[Saved entries]
*** Begin section ***

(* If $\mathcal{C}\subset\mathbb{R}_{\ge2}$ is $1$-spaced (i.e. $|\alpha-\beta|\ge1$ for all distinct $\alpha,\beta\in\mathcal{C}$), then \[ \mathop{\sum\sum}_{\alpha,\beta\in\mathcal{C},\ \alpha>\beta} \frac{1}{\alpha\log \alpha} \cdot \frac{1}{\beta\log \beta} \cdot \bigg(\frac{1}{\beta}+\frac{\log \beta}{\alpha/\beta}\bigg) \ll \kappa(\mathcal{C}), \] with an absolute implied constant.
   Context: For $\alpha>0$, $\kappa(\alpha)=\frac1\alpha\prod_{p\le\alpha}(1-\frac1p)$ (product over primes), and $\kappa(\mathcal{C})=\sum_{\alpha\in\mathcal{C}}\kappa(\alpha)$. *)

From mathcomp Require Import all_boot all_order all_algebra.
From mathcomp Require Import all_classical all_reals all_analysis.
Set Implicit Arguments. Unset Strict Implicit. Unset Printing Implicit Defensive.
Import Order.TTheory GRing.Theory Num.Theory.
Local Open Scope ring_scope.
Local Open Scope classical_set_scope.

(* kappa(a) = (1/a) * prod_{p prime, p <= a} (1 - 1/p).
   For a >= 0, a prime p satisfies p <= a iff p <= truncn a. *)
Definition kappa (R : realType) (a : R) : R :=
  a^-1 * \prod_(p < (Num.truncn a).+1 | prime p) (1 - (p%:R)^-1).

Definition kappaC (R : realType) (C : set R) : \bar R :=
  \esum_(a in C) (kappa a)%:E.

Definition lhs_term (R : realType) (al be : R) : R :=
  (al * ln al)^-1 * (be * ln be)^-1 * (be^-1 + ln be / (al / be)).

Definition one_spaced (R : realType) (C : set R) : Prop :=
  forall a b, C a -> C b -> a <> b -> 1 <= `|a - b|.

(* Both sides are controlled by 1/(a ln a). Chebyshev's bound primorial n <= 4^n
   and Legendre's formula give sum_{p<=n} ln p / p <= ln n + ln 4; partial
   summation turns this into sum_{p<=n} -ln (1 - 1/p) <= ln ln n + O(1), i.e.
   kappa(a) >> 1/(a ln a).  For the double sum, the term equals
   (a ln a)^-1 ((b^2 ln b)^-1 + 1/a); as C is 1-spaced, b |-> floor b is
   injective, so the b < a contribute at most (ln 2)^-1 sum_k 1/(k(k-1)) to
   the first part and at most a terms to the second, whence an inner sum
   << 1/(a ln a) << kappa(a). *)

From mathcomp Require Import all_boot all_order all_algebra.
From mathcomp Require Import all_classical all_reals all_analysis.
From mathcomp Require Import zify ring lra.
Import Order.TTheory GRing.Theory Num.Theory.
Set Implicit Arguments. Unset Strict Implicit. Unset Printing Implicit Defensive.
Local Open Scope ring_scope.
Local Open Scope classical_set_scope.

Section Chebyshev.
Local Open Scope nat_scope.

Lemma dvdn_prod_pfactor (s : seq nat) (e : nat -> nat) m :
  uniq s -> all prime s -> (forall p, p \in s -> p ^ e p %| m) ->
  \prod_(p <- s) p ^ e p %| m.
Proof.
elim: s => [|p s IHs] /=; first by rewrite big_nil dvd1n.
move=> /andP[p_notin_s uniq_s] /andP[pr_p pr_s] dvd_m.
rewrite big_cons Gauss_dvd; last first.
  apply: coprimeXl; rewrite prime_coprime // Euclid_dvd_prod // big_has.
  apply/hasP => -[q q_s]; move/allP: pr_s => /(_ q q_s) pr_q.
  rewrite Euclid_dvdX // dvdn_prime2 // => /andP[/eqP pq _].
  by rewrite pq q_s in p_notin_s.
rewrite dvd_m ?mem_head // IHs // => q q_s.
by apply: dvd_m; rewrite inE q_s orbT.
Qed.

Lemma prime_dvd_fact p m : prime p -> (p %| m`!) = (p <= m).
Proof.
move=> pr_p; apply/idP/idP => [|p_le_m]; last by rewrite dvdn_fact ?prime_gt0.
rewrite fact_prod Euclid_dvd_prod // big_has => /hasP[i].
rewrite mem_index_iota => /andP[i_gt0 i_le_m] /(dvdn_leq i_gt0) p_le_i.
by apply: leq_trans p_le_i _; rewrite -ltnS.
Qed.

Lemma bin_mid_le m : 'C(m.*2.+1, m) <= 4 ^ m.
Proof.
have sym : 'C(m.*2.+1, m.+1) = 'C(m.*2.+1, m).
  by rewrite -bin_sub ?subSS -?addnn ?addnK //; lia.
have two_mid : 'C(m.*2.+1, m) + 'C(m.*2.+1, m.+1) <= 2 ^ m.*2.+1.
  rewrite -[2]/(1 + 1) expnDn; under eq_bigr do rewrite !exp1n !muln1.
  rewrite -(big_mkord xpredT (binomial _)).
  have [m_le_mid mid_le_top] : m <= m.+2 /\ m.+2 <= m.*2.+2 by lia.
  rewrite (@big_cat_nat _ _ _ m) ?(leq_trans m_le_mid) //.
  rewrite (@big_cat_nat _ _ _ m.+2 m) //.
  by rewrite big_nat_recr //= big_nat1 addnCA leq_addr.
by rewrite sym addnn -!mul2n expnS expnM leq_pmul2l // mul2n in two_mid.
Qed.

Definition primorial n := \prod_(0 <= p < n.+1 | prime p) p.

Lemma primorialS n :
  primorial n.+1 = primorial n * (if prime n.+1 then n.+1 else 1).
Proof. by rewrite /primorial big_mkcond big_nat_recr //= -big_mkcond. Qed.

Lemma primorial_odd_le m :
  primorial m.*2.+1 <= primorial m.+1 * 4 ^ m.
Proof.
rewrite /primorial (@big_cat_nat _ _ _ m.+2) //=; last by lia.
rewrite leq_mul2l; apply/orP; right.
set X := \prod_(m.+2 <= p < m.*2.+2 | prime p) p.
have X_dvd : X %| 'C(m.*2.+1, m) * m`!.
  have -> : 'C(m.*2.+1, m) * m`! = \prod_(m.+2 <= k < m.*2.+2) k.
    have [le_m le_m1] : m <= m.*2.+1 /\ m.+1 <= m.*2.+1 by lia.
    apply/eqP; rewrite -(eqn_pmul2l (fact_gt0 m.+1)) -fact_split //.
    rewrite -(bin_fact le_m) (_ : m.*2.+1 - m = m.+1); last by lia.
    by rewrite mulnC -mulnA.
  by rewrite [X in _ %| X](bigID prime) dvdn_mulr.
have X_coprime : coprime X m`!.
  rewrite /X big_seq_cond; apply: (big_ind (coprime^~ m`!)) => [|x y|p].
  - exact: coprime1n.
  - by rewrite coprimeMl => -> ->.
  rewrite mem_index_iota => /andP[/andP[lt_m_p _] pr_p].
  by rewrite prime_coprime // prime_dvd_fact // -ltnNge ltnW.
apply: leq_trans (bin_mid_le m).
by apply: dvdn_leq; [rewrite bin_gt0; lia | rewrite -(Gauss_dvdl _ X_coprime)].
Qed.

*** End section ***
*** Begin section ***

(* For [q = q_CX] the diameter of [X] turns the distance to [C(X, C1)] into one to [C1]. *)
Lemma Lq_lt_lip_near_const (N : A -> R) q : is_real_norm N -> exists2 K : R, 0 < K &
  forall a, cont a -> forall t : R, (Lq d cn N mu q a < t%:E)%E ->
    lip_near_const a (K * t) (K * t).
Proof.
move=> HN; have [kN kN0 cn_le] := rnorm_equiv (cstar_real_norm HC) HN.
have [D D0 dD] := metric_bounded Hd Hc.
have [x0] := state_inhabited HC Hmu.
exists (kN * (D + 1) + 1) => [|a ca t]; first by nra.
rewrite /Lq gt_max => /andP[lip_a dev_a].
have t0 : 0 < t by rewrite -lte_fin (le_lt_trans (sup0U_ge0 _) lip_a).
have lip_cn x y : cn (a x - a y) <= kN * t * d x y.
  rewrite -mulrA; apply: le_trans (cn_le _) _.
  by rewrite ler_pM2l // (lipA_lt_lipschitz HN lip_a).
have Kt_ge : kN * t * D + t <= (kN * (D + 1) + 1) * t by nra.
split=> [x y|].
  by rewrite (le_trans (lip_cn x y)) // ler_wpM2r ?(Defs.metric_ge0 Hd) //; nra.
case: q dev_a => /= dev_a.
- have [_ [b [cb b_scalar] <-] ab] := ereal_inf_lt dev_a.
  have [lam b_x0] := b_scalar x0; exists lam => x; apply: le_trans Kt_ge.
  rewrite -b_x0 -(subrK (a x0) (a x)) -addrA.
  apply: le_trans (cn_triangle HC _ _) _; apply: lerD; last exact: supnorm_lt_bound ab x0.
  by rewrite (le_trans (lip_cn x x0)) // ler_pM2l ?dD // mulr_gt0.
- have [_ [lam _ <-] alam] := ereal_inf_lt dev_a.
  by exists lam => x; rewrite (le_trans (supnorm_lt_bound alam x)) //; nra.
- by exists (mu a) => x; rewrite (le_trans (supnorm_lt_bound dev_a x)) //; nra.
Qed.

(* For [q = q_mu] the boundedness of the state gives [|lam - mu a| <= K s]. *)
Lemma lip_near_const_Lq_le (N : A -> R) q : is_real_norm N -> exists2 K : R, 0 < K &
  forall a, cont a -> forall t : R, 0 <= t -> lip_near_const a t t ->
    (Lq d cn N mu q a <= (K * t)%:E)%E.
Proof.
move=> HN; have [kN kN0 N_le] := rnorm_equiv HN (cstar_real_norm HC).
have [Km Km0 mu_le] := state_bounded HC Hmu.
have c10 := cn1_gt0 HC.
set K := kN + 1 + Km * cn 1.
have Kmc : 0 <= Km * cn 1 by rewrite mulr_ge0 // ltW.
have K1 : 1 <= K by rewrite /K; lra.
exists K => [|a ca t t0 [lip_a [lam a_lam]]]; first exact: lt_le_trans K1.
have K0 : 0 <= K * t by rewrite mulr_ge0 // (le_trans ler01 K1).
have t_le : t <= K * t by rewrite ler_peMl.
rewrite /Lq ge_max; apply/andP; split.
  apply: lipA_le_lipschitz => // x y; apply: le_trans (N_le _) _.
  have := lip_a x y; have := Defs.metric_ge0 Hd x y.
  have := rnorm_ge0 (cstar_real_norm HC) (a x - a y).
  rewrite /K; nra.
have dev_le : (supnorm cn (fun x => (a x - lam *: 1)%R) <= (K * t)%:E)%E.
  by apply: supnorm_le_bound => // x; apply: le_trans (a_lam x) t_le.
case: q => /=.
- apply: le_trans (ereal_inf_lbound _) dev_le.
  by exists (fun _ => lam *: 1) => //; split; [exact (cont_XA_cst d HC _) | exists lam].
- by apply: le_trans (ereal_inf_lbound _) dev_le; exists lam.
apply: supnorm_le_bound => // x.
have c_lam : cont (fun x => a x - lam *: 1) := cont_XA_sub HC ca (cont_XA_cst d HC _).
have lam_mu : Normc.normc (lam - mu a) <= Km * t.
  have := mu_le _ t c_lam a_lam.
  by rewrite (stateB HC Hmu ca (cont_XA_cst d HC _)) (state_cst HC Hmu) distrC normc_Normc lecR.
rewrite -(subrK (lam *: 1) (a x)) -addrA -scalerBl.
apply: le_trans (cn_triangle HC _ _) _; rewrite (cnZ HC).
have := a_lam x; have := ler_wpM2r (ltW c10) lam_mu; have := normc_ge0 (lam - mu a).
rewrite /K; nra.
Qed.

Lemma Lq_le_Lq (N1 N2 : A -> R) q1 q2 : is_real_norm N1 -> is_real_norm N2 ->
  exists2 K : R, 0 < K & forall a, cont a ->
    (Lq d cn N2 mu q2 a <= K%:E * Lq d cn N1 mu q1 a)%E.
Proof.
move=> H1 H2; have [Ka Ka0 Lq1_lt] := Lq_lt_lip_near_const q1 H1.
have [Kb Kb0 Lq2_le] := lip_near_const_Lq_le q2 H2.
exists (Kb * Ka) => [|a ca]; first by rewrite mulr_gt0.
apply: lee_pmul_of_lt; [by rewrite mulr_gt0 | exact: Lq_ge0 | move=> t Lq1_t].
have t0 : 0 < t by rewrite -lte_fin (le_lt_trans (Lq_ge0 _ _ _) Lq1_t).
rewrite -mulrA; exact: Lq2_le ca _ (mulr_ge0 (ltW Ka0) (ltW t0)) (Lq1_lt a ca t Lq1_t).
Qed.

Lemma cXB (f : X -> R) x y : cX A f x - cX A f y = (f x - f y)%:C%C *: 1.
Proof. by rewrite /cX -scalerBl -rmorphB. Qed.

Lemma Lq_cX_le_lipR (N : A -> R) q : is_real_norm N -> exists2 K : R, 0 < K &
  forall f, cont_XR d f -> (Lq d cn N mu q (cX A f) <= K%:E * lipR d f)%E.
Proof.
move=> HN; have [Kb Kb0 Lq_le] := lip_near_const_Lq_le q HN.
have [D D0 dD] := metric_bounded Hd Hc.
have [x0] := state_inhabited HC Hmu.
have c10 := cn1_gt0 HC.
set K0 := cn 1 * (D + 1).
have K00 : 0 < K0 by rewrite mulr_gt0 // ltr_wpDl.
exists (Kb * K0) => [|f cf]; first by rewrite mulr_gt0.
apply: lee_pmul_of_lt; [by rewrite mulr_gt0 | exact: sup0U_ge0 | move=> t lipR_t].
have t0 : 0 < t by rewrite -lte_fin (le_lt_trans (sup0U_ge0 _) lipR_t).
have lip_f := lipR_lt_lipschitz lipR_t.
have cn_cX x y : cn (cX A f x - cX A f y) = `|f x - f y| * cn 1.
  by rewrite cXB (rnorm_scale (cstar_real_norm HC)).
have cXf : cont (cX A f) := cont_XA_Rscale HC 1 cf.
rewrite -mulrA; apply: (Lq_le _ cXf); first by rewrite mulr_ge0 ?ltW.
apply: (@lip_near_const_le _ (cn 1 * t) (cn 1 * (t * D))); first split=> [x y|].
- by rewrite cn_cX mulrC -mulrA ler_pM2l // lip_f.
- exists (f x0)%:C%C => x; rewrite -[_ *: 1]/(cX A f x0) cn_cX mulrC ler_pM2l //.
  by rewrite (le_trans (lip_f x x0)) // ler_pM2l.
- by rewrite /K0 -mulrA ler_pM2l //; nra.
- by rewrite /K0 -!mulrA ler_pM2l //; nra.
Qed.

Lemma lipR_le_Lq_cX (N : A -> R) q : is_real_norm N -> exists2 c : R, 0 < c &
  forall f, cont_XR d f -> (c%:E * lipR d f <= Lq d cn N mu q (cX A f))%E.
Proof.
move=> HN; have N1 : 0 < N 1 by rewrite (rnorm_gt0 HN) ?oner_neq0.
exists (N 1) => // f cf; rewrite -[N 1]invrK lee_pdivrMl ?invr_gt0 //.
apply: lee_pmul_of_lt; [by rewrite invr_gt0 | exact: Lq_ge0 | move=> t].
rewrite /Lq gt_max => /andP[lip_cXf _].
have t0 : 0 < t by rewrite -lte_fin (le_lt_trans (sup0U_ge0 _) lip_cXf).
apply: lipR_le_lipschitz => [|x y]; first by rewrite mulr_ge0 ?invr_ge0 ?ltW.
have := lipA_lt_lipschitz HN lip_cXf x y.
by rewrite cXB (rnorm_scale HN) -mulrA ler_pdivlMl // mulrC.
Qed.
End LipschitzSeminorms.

*** End section ***
*** Begin section ***

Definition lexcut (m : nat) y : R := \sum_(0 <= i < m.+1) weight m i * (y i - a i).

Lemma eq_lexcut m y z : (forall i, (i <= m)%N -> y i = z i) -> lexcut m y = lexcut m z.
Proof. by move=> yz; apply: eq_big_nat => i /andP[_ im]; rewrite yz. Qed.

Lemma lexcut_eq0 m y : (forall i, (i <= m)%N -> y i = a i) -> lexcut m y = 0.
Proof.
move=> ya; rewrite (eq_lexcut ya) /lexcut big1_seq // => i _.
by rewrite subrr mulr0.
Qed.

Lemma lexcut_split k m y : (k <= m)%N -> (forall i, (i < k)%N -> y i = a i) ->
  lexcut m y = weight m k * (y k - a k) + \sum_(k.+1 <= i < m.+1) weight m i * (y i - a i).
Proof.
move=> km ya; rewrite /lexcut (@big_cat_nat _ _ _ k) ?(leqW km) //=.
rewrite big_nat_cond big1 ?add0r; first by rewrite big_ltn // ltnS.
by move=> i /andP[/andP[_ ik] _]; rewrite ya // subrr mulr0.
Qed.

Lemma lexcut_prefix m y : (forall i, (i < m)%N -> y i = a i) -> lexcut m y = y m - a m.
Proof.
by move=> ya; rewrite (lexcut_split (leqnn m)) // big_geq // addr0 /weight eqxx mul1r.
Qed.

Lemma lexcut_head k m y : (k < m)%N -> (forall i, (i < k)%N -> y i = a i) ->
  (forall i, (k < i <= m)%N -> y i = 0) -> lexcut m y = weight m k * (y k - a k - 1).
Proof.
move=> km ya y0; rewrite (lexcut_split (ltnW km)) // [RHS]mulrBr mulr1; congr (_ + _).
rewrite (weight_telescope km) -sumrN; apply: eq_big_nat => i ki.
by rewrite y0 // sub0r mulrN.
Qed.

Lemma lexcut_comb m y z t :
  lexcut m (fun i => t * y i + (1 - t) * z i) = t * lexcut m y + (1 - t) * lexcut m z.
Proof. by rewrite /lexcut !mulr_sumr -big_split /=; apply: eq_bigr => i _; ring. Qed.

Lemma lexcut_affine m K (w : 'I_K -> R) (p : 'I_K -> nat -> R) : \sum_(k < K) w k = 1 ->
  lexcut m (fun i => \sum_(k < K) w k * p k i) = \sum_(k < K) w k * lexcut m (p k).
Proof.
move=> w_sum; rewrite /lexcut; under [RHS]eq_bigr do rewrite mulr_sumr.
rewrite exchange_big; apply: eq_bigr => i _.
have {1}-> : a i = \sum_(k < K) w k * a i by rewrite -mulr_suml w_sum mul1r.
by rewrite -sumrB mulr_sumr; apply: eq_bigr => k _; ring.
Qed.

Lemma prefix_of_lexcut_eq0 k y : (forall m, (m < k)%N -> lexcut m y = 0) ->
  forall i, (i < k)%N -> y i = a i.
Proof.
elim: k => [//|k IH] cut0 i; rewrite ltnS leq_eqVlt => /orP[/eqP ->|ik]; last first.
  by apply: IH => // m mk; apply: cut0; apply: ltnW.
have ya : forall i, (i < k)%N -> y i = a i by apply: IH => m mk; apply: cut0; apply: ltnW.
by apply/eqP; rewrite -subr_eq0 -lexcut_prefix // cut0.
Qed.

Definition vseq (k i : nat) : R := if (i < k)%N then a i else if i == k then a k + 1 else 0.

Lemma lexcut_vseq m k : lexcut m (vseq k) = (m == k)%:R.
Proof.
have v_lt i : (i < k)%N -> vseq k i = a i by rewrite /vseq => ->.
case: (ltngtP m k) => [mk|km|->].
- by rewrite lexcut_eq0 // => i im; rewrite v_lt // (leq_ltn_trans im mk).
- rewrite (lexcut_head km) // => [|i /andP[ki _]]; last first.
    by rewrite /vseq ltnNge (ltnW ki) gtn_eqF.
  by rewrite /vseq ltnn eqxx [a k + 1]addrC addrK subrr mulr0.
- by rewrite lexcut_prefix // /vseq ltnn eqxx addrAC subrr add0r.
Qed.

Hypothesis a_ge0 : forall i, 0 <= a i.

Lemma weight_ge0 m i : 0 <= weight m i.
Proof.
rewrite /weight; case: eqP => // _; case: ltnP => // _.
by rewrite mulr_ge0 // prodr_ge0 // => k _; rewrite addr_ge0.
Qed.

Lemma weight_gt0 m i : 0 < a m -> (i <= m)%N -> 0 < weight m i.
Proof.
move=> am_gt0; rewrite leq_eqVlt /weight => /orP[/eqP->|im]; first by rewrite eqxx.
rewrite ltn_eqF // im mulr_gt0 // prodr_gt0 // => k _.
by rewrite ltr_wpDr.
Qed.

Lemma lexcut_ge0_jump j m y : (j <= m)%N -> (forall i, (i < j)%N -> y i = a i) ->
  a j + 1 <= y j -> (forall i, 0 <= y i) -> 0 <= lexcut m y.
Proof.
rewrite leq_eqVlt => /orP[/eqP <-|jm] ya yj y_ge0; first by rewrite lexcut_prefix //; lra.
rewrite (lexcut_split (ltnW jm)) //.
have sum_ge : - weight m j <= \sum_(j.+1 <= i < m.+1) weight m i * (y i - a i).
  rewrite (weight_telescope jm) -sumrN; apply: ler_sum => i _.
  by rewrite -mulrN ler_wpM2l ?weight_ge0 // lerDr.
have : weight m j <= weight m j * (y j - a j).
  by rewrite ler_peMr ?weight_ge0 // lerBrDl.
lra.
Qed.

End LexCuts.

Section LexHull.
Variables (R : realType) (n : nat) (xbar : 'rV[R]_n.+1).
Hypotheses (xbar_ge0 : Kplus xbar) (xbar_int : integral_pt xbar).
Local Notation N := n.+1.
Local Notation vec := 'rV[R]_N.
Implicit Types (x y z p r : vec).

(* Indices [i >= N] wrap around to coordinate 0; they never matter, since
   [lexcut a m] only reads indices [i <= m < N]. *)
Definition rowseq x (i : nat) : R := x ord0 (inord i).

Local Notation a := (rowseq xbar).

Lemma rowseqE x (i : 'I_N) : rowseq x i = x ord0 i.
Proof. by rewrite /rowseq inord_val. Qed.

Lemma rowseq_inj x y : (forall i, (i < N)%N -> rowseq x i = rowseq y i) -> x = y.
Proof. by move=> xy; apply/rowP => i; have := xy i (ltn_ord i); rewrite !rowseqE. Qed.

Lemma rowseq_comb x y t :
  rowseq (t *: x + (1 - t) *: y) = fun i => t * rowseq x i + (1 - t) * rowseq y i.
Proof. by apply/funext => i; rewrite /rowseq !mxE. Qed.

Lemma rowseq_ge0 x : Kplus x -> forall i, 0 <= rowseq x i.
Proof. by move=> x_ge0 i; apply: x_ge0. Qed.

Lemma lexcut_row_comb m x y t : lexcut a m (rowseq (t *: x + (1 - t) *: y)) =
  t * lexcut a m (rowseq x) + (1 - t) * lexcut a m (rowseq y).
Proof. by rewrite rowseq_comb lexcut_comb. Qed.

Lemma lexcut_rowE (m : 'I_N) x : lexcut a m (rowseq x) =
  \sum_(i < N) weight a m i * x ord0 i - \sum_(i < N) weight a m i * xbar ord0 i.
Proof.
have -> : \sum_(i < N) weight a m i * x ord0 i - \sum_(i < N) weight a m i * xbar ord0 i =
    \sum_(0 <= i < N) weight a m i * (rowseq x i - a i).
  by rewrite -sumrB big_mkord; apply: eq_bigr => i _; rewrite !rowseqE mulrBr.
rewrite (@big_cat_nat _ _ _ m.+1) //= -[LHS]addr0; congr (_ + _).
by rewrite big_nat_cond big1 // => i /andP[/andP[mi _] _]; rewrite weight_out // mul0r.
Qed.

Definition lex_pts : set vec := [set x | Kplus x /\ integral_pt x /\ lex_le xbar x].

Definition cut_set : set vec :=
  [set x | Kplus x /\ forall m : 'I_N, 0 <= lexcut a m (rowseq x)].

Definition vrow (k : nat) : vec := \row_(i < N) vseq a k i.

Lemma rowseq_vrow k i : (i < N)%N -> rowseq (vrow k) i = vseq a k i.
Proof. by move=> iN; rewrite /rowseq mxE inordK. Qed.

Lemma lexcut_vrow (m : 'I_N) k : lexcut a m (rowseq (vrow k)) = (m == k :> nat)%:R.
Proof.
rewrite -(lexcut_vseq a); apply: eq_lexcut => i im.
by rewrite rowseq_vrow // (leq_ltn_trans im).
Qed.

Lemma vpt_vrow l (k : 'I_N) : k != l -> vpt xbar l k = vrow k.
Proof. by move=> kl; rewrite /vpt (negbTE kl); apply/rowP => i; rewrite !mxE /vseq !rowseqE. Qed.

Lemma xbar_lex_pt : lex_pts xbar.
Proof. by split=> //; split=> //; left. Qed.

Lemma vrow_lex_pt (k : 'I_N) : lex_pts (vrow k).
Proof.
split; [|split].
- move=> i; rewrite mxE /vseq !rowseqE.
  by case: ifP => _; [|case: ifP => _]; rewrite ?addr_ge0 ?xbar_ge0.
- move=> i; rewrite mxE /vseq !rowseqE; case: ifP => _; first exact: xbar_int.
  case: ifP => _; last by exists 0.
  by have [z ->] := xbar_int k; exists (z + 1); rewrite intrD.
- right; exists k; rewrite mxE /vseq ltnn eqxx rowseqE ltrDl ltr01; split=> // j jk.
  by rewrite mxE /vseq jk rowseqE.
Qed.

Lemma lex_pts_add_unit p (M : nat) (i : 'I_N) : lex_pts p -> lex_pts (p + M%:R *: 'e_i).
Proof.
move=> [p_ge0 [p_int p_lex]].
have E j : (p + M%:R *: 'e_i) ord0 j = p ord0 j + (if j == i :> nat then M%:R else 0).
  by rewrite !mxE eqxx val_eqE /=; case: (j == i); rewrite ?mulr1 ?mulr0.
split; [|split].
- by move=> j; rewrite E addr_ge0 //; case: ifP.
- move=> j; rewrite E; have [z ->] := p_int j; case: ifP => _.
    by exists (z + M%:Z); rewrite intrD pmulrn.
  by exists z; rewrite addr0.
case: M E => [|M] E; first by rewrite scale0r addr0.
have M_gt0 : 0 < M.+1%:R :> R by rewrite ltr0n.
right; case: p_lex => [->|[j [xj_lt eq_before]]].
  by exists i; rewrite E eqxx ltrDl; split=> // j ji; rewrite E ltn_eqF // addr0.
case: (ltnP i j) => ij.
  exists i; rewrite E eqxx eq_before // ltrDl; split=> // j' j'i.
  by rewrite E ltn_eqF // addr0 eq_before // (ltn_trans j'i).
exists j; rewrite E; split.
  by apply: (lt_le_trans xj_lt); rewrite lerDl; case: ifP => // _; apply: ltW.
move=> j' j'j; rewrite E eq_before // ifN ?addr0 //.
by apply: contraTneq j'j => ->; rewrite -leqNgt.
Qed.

*** End section ***

- **WHAT THIS TASK INVOLVES**
Using the entries above, give back exactly the line containing "absolute implied constant.", the line containing "(* kappa(a) = (1/a)", and every line between them, and nothing else.

- **EXPECTED OUTPUT**
(* If $\mathcal{C}\subset\mathbb{R}_{\ge2}$ is $1$-spaced (i.e. $|\alpha-\beta|\ge1$ for all distinct $\alpha,\beta\in\mathcal{C}$), then \[ \mathop{\sum\sum}_{\alpha,\beta\in\mathcal{C},\ \alpha>\beta} \frac{1}{\alpha\log \alpha} \cdot \frac{1}{\beta\log \beta} \cdot \bigg(\frac{1}{\beta}+\frac{\log \beta}{\alpha/\beta}\bigg) \ll \kappa(\mathcal{C}), \] with an absolute implied constant.
   Context: For $\alpha>0$, $\kappa(\alpha)=\frac1\alpha\prod_{p\le\alpha}(1-\frac1p)$ (product over primes), and $\kappa(\mathcal{C})=\sum_{\alpha\in\mathcal{C}}\kappa(\alpha)$. *)

From mathcomp Require Import all_boot all_order all_algebra.
From mathcomp Require Import all_classical all_reals all_analysis.
Set Implicit Arguments. Unset Strict Implicit. Unset Printing Implicit Defensive.
Import Order.TTheory GRing.Theory Num.Theory.
Local Open Scope ring_scope.
Local Open Scope classical_set_scope.

(* kappa(a) = (1/a) * prod_{p prime, p <= a} (1 - 1/p).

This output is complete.